If you can assess your
strengths, you can find evidence of your weaknesses and add other skills to
mitigate these weaknesses. Your weaknesses are often an unintended consequence
of your strengths. If you are strong enough to fix anything, you are also
strong enough to break anything.
I am inner-directed,
not other-directed. I don’t “go along to get along”. I don’t waste time on
anything I regard as trivial.
I believed half the
things I learned in school were wrong and said so in the essays I turned in. I
felt free to disagree with my teachers.
I was a good self-learner and not a doscile follower. I was my own
mentor, but learned a lot from others. Writing job descriptions, job postings
and work processes gave me a handle on the operation. I intervened to solve
problems and improved processes and didn’t stay in my room.
.
But my entire career
required me to work for bosses and customers.
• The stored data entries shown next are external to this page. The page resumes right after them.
(* Let $K$ be the Choi-Kraus operator space of a quantum channel $\mathcal{N}:\mathcal{L}(A')\to\mathcal{L}(B)$. Then $\kappa^{NS}(K)=\sqrt{\Upsilon(K)}$, so the one-shot NS-codes assisted zero-error quantum capacity of $K$ equals $\lfloor\sqrt{\Upsilon(K)}\rfloor$.
   Context: A quantum channel $\mathcal{N}(\rho)=\sum_j E_j\rho E_j^\dagger$ from $\mathcal{L}(A')$ to $\mathcal{L}(B)$; $A\cong A'$; the Choi matrix is $J_{AB}=\sum_{i,j}|i\rangle\langle j|_A\otimes\mathcal{N}(|i\rangle\langle j|_{A'})$, $K=\mathrm{span}\{E_j\}$, and $P_{AB}$ is the projection onto the support of $J_{AB}$. For $k>0$, $D^{NS}(K,k)$ is the maximum of $\operatorname{tr}P_{AB}(W_{AB}-\rho_A\otimes\mathbb{1}_B)$ over $W_{AB},\rho_A$ subject to $0\le W_{AB}\le\rho_A\otimes\mathbb{1}_B$, $\operatorname{tr}\rho_A=1$, $\operatorname{tr}_AW_{AB}=\frac{1}{k^2}\mathbb{1}_B$; and $\kappa^{NS}(K)=\max\{k\ge0: D^{NS}(K,k)=0\}$. The one-shot NS-assisted zero-error quantum capacity of $K$ is $\lfloor\kappa^{NS}(K)\rfloor$. The quantity $\Upsilon(K)$ (the NS-assisted zero-error classical capacity quantity of $K$) is the optimal value of: maximize $\operatorname{tr}S_A$ over operators $S_A$ on $A$ and $U_{AB}$ on $A\otimes B$ subject to $0\le U_{AB}\le S_A\otimes\mathbb{1}_B$, $\operatorname{tr}_AU_{AB}=\mathbb{1}_B$, $\operatorname{tr}P_{AB}(S_A\otimes\mathbb{1}_B-U_{AB})=0$. *)

From HB Require Import structures.
From mathcomp Require Import all_boot all_order all_algebra.
From mathcomp Require Import complex mxtens.
From mathcomp Require Import boolp classical_sets reals constructive_ereal ereal.
Set Implicit Arguments. Unset Strict Implicit. Unset Printing Implicit Defensive.
Import Order.TTheory GRing.Theory Num.Theory.
Local Open Scope ring_scope.
Local Open Scope classical_set_scope.

Section QDefs.
Variable R : realType.
Local Notation C := R[i].

Definition adjmx {p q : nat} (A : 'M[C]_(p, q)) : 'M[C]_(q, p) :=
  (map_mx (@conjc R) A)^T.

(* positive semidefinite: v^* A v >= 0 for all v (order of R[i]: real and >= 0) *)
Definition psdmx {d : nat} (A : 'M[C]_d) : Prop :=
  forall v : 'cV[C]_d, 0 <= (adjmx v *m A *m v) 0 0.

Definition lemx {d : nat} (A B : 'M[C]_d) : Prop := psdmx (B - A).

(* partial trace over the first factor A of A (x) B, with the index
   convention of mxtens: (a,b) |-> a * dB + b *)
Definition ptraceA {dA dB : nat} (W : 'M[C]_(dA * dB)) : 'M[C]_dB :=
  \matrix_(j, j') \sum_(a < dA) W (mxtens_index (a, j)) (mxtens_index (a, j')).

Definition kraus_map {n m r : nat} (E : 'I_r -> 'M[C]_(m, n)) (X : 'M[C]_n)
  : 'M[C]_m := \sum_(j < r) (E j *m X *m adjmx (E j)).

(* quantum channel: trace preserving (CP holds by the Kraus form) *)
Definition is_channel {n m r : nat} (E : 'I_r -> 'M[C]_(m, n)) : Prop :=
  \sum_(j < r) (adjmx (E j) *m E j) = 1%:M.

Definition choi {n m r : nat} (E : 'I_r -> 'M[C]_(m, n)) : 'M[C]_(n * m) :=
  \sum_(i < n) \sum_(j < n) (delta_mx i j *t kraus_map E (delta_mx i j)).

(* P is the (orthogonal) projection onto the support (range) of J *)
Definition support_proj {d : nat} (J P : 'M[C]_d) : Prop :=
  [/\ adjmx P = P, P *m P = P & (P^T == J^T)%MS].

Definition DNS_values {n m : nat} (P : 'M[C]_(n * m)) (k : R) : set R :=
  [set x | exists (W : 'M[C]_(n * m)) (rho : 'M[C]_n),
     [/\ psdmx W, lemx W (rho *t (1%:M : 'M[C]_m)),
         \tr rho = 1,
         ptraceA W = (real_complex R (k ^- 2))%:M
       & \tr (P *m (W - rho *t (1%:M : 'M[C]_m))) = real_complex R x]].

(* D^NS(K,k) = optimal value (max) of the SDP; -oo if infeasible *)
Definition DNS {n m : nat} (P : 'M[C]_(n * m)) (k : R) : \bar R :=
  ereal_sup [set x%:E | x in DNS_values P k].

(* kappa^NS(K) = max { k > 0 : D^NS(K,k) = 0 } (taken as a supremum) *)
Definition kappaNS {n m : nat} (P : 'M[C]_(n * m)) : \bar R :=
  ereal_sup [set k%:E | k in [set k : R | 0 < k /\ DNS P k = (0%:E)]].

Definition oneshot_NS_Q {n m : nat} (P : 'M[C]_(n * m)) : int :=
  Num.floor (fine (kappaNS P)).

Definition Upsilon_values {n m : nat} (P : 'M[C]_(n * m)) : set R :=
  [set x | exists (S : 'M[C]_n) (U : 'M[C]_(n * m)),
     [/\ psdmx U, lemx U (S *t (1%:M : 'M[C]_m)),
         ptraceA U = 1%:M,
         \tr (P *m (S *t (1%:M : 'M[C]_m) - U)) = 0
       & \tr S = real_complex R x]].

Definition Upsilon {n m : nat} (P : 'M[C]_(n * m)) : \bar R :=
  ereal_sup [set x%:E | x in Upsilon_values P].

End QDefs.

From HB Require Import structures.
From mathcomp Require Import all_boot all_order all_algebra.
From mathcomp Require Import complex mxtens.
From mathcomp Require Import boolp classical_sets reals constructive_ereal ereal.
From mathcomp Require Import lra ring.
From mathcomp Require Import topology normedtype matrix_normedtype derive.
Import numFieldNormedType.Exports.
Import Order.TTheory GRing.Theory Num.Theory.
Set Implicit Arguments. Unset Strict Implicit. Unset Printing Implicit Defensive.
Local Open Scope complex_scope.
Local Open Scope ring_scope.

(* Let u be the supremum of the Upsilon SDP.  It is finite: with J the Choi
   matrix, every feasible pair (S, U) has tr S = tr (U J) <= c tr U = c m for a
   constant c depending only on J.  Rescaling a feasible (S, U) of value s to
   (W, rho) = (U / u, S / s) gives a D^NS-feasible pair at k = sqrt u of value at
   least -(1/s - 1/u) m, which tends to 0 as s tends to u; so D^NS(K, sqrt u) = 0.
   Conversely, if D^NS(K, k) = 0 then the supremum is attained, the feasible set
   being compact, and an optimal (W, rho) rescales to the Upsilon-feasible pair
   (k^2 rho, k^2 W), so k^2 <= u. *)

Section Adjoint.
Variable R : realType.
Local Notation C := R[i].

Lemma conjC_real (t : R) : (t%:C)^* = t%:C :> C.
Proof. exact: conjc_real. Qed.

Lemma adjmxE p q (A : 'M[C]_(p, q)) i j : adjmx A i j = (A j i)^*.
Proof. by rewrite !mxE. Qed.

Lemma adjmxD p q (A B : 'M[C]_(p, q)) : adjmx (A + B) = adjmx A + adjmx B.
Proof. by apply/matrixP => i j; rewrite !mxE rmorphD. Qed.

Lemma adjmxB p q (A B : 'M[C]_(p, q)) : adjmx (A - B) = adjmx A - adjmx B.
Proof. by apply/matrixP => i j; rewrite !mxE rmorphB. Qed.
I also worked in concert with
other managers and work with my own team. I was an accomplishment-oriented
leader. I did new tasks myself, outlined the processes and delegated the tasks.
I didn’t have consultants do any work. I encouraged employees to be themselves
and do the work they loved to make work fun. I always saw the humor in things.
I was not afraid to be myself.
I knew the down-side
of my strengths and made up for them by responding to problems quickly and
thoroughly. I took jobs with organizations where my style would be compatible.